Benefits and burdens
In discussing the 1994 revision in directive 58, the bishops questioned the role of technology in sustaining life, acknowledged the importance of considering the patients' welfare and comfort and asked whether medically assisted feeding should be considered a medical treatment or ordinary care.
The pope's allocution, or address, called medically assisted feeding a natural means of preserving life and said it should be considered, in principle, an obligatory means of care for patients. The address, delivered in the year before his death, emphasized the personal dignity of the patient. Fr. Coleman pointed out the pope did not say that medically assisted nutrition could never be withdrawn.

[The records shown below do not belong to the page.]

(* Let $n\ge1$, $\delta\ge0$ and $\hat r\in\mathbb R^n$ with $\hat r_1\ge\hat r_2\ge\cdots\ge\hat r_n$. For $k\in\{1,\dots,n\}$ let $u^{(k)}\in\Delta_n$ have its first $k$ entries equal to $1/k$ and the rest $0$, and $A_k:=\frac1k\sum_{i=1}^k\hat r_i$. Then the problem $\max_{\pi\in\Delta_n}\{\langle\pi,\hat r\rangle-\delta\|\pi\|_\infty\}$ has an optimizer of the form $u^{(m)}$ for some $m\in\arg\max_{1\le k\le n}\{A_k-\delta/k\}$.
   Context: $\Delta_n$ is the probability simplex in $\mathbb R^n$; $\|\pi\|_\infty=\max_i|\pi_i|$. *)

From mathcomp Require Import all_boot all_order all_algebra.
Set Implicit Arguments. Unset Strict Implicit. Unset Printing Implicit Defensive.
Import Order.TTheory GRing.Theory Num.Theory.
Local Open Scope ring_scope.

Definition in_simplex (R : realFieldType) (n : nat) (pi : 'I_n -> R) : Prop :=
  (forall i, 0 <= pi i) /\ \sum_(i < n) pi i = 1.

Definition linf (R : realFieldType) (n : nat) (pi : 'I_n -> R) : R :=
  \big[Num.max/0]_(i < n) `|pi i|.

Definition objective (R : realFieldType) (n : nat) (delta : R) (r pi : 'I_n -> R) : R :=
  \sum_(i < n) pi i * r i - delta * linf pi.

(* u^(k): first k entries 1/k, rest 0 (k is 1-based, entries i < k in 0-based indexing) *)
Definition uvec (R : realFieldType) (n k : nat) : 'I_n -> R :=
  fun i => if (i < k)%N then k%:R^-1 else 0.

Definition Aavg (R : realFieldType) (n : nat) (r : 'I_n -> R) (k : nat) : R :=
  k%:R^-1 * \sum_(i < n | (i < k)%N) r i.

From mathcomp Require Import all_boot all_order all_algebra.
Import Order.TTheory GRing.Theory Num.Theory.
Local Open Scope ring_scope.

(* Let [V] be the maximum of [A_k - delta/k], attained at [m]; the point [u^(m)]
   has objective value exactly [V].  With [w := r - V], the optimality of [m] says
   that every prefix sum of [w] is at most [delta].  Since [w] is nonincreasing,
   its positive entries form a prefix, so the sum of the positive parts of [w] is
   at most [delta] too.  Hence for [pi] in the simplex with [t := ||pi||_oo],
   [<pi, r> - V = <pi, w> <= t * sum_i max(w_i, 0) <= t * delta],
   i.e. the objective at [pi] is at most [V]. *)

Lemma exists_argmax_nat {disp} {T : orderType disp} (f : nat -> T) {n : nat} :
  (0 < n)%N ->
  exists2 m, (1 <= m <= n)%N & forall k, (1 <= k <= n)%N -> (f k <= f m)%O.
Proof.
move=> n_gt0.
case: (@arg_maxP _ _ 'I_n (Ordinal n_gt0) xpredT (fun i => f i.+1) isT) => i _ imax.
exists i.+1; first by rewrite /= ltn_ord.
case=> [//|k] /= lt_k_n.
exact: (imax (Ordinal lt_k_n)).
Qed.

Section PrefixSums.
Context {n : nat}.

Lemma sum_prefixS {V : nmodType} (F : 'I_n -> V) {k : nat} (lt_k_n : (k < n)%N) :
  \sum_(i < n | (i < k.+1)%N) F i = F (Ordinal lt_k_n) + \sum_(i < n | (i < k)%N) F i.
Proof.
rewrite (bigD1 (Ordinal lt_k_n)) //=; congr (_ + _); apply: eq_bigl => i /=.
by rewrite ltnS -val_eqE /= andbC -ltn_neqAle.
Qed.

Lemma sum_prefix1 (R : pzSemiRingType) (k : nat) : (k <= n)%N ->
  \sum_(i < n | (i < k)%N) (1 : R) = k%:R.
Proof.
elim: k => [|k IHk] le_k_n; first by rewrite big_pred0.
by rewrite (sum_prefixS (fun=> 1) le_k_n) IHk 1?ltnW // -natr1 addrC.
Qed.

Context {R : realDomainType}.

Lemma sum_prefix_max0_le (w : 'I_n -> R) (c : R) :
  (forall i j : 'I_n, (i <= j)%N -> w j <= w i) ->
  (forall k, (k <= n)%N -> \sum_(i < n | (i < k)%N) w i <= c) ->
  \sum_(i < n) Num.max (w i) 0 <= c.
Proof.
move=> w_noninc prefix_le.
suff: forall k, (k <= n)%N -> \sum_(i < n | (i < k)%N) Num.max (w i) 0 <= c.
  by move/(_ n (leqnn n)); rewrite (eq_bigl predT) // => i; rewrite /= ltn_ord.
elim=> [|k IHk] lt_k_n; first by have := prefix_le 0%N isT; rewrite !big_pred0.
rewrite sum_prefixS; have [wk_le0|wk_gt0] := lerP (w (Ordinal lt_k_n)) 0.
  by rewrite add0r IHk // ltnW.
(* [w_k > 0] forces [w_i >= w_k > 0] for all [i < k]: the whole prefix is positive. *)
apply: le_trans (prefix_le k.+1 lt_k_n); rewrite sum_prefixS lerD //.
apply: ler_sum => i lt_i_k.
rewrite max_l // ltW // (lt_le_trans wk_gt0) //.
exact/w_noninc/ltnW.
Qed.

Lemma sum_mul_le_max0 (pi w : 'I_n -> R) (t : R) :
  (forall i, 0 <= pi i) -> (forall i, pi i <= t) ->
  \sum_(i < n) pi i * w i <= t * \sum_(i < n) Num.max (w i) 0.
Proof.
move=> pi_ge0 pi_le_t; rewrite mulr_sumr; apply: ler_sum => i _.
have [wi_le0|wi_gt0] := lerP (w i) 0.
  by rewrite mulr0 mulr_ge0_le0.
by rewrite ler_wpM2r // ltW.
Qed.

End PrefixSums.

Section Objective.
Variables (R : realFieldType) (n : nat).

Lemma le_linf (pi : 'I_n -> R) (i : 'I_n) : pi i <= linf pi.
Proof. exact: le_trans (ler_norm _) (le_bigmax _ _ _). Qed.

Lemma uvec_simplex (m : nat) : (1 <= m <= n)%N -> in_simplex (@uvec R n m).
Proof.
move=> /andP[m_gt0 le_m_n]; split=> [i|].
  by rewrite /uvec; case: ifP; rewrite // invr_ge0.
rewrite /uvec -big_mkcond /= -[X in \sum_(_ | _) X]mulr1 -mulr_sumr.
by rewrite sum_prefix1 // mulVf // pnatr_eq0 -lt0n.
Qed.

Lemma linf_uvec (m : nat) : (1 <= m <= n)%N -> linf (@uvec R n m) = m%:R^-1.
Proof.
move=> /andP[m_gt0 le_m_n]; have inv_ge0 : 0 <= m%:R^-1 :> R by rewrite invr_ge0.
apply/le_anti; rewrite (le_trans _ (le_linf _ (Ordinal (leq_trans m_gt0 le_m_n)))); last first.
  by rewrite /uvec /= m_gt0.
rewrite andbT; apply: bigmax_le => // i _.
by rewrite /uvec; case: ifP; rewrite ?normr0 ?ger0_norm.
Qed.

Lemma objective_uvec (delta : R) (r : 'I_n -> R) (m : nat) : (1 <= m <= n)%N ->
  objective delta r (@uvec R n m) = Aavg r m - delta / m%:R.
Proof.
move=> m_range; rewrite /objective linf_uvec // /Aavg mulrC mulr_sumr.
rewrite [in RHS]big_mkcond /=; congr (_ - _); apply: eq_bigr => i _.
by rewrite /uvec; case: ifP; rewrite ?mul0r // mulrC.
Qed.

Lemma prefix_sum_subr_le (delta : R) (r : 'I_n -> R) (V : R) (k : nat) :
  (1 <= k <= n)%N -> Aavg r k - delta / k%:R <= V ->
  \sum_(i < n | (i < k)%N) (r i - V) <= delta.
Proof.
move=> /andP[k_gt0 le_k_n]; have k_pos : 0 < k%:R :> R by rewrite ltr0n.
rewrite /Aavg mulrC -mulrBl ler_pdivrMr // => le_V.
rewrite sumrB -[V in \sum_(_ | _) V]mulr1 -mulr_sumr sum_prefix1 //.
by rewrite lerBlDr addrC -lerBlDr.
Qed.

Lemma objective_le (delta V : R) (r pi : 'I_n -> R) :
  0 <= delta -> (forall i j : 'I_n, (i <= j)%N -> r j <= r i) ->
  (forall k, (1 <= k <= n)%N -> \sum_(i < n | (i < k)%N) (r i - V) <= delta) ->
  in_simplex pi -> objective delta r pi <= V.
Proof.
move=> delta_ge0 r_noninc prefix_le [pi_ge0 pi_sum1].
have pos_le : \sum_(i < n) Num.max (r i - V) 0 <= delta.
  apply: sum_prefix_max0_le => [i j le_ij|[|k] le_k_n]; first by rewrite lerD2r r_noninc.
    by rewrite big_pred0.
  exact: prefix_le.
have inner_shift : \sum_(i < n) pi i * (r i - V) = \sum_(i < n) pi i * r i - V.
  by rewrite (eq_bigr _ (fun i _ => mulrBr _ _ _)) sumrB -mulr_suml pi_sum1 mul1r.
rewrite /objective lerBlDr addrC -lerBlDr -inner_shift mulrC.
apply: le_trans (sum_mul_le_max0 _ _ _ pi_ge0 (le_linf pi)) _.
by rewrite ler_wpM2l // bigmax_ge_id.
Qed.

End Objective.

Theorem mainTheorem11 (R : realFieldType) (n : nat) (delta : R) (r : 'I_n -> R) :
  (0 < n)%N -> 0 <= delta ->
  (forall i j : 'I_n, (i <= j)%N -> r j <= r i) ->
  exists m : nat,
    [/\ (1 <= m <= n)%N,
        (forall k : nat, (1 <= k <= n)%N ->
           Aavg r k - delta / k%:R <= Aavg r m - delta / m%:R),
        in_simplex (@uvec R n m) &
        (forall pi : 'I_n -> R, in_simplex pi ->
           objective delta r pi <= objective delta r (@uvec R n m))].
Proof.
move=> n_gt0 delta_ge0 r_noninc.
have [m m_range m_max] := exists_argmax_nat (fun k => Aavg r k - delta / k%:R) n_gt0.
exists m; split=> //; first exact: uvec_simplex.
move=> pi pi_simplex; rewrite objective_uvec //.
apply: objective_le => // k k_range.
exact/prefix_sum_subr_le/m_max.
Qed.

The pope's statement generated much concern, with many asking whether his pronouncement overturned Catholic teaching in this area. To clarify the pope's statement, the Vatican's Congregation for the Doctrine of the Faith issued a response and commentary in 2007 reaffirming the spirit of the pope's allocution. Fr. Coleman said the commentary confirmed that for patients in a persistent vegetative state "medically assisted means of nutrition and hydration cannot be withdrawn even when competent physicians judge with moral certainty that this patient will never regain consciousness." He added that the commentary gave patients and physicians leave to end tube feeding in limited circumstances, for instance, when it no longer nourished or hydrated the patient.
In 2009, the U.S. bishops revised directive 58 to better reflect Pope John Paul's 2004 speech and the Congregation for the Doctrine of the Faith's 2007 statements. That directive now cites an obligation to provide patients with food and water, including tube feeding, but it notes that this type of feeding becomes optional when a patient is actively dying, the feeding is deemed excessively burdensome or it is causing medical complications. Fr. Coleman explained that if the use of tube feeding causes enormous pain, severe dread or great expense to a patient, for instance, there may be justification under the church's traditional teachings about ordinary and extraordinary care to forgo or withdraw a feeding tube.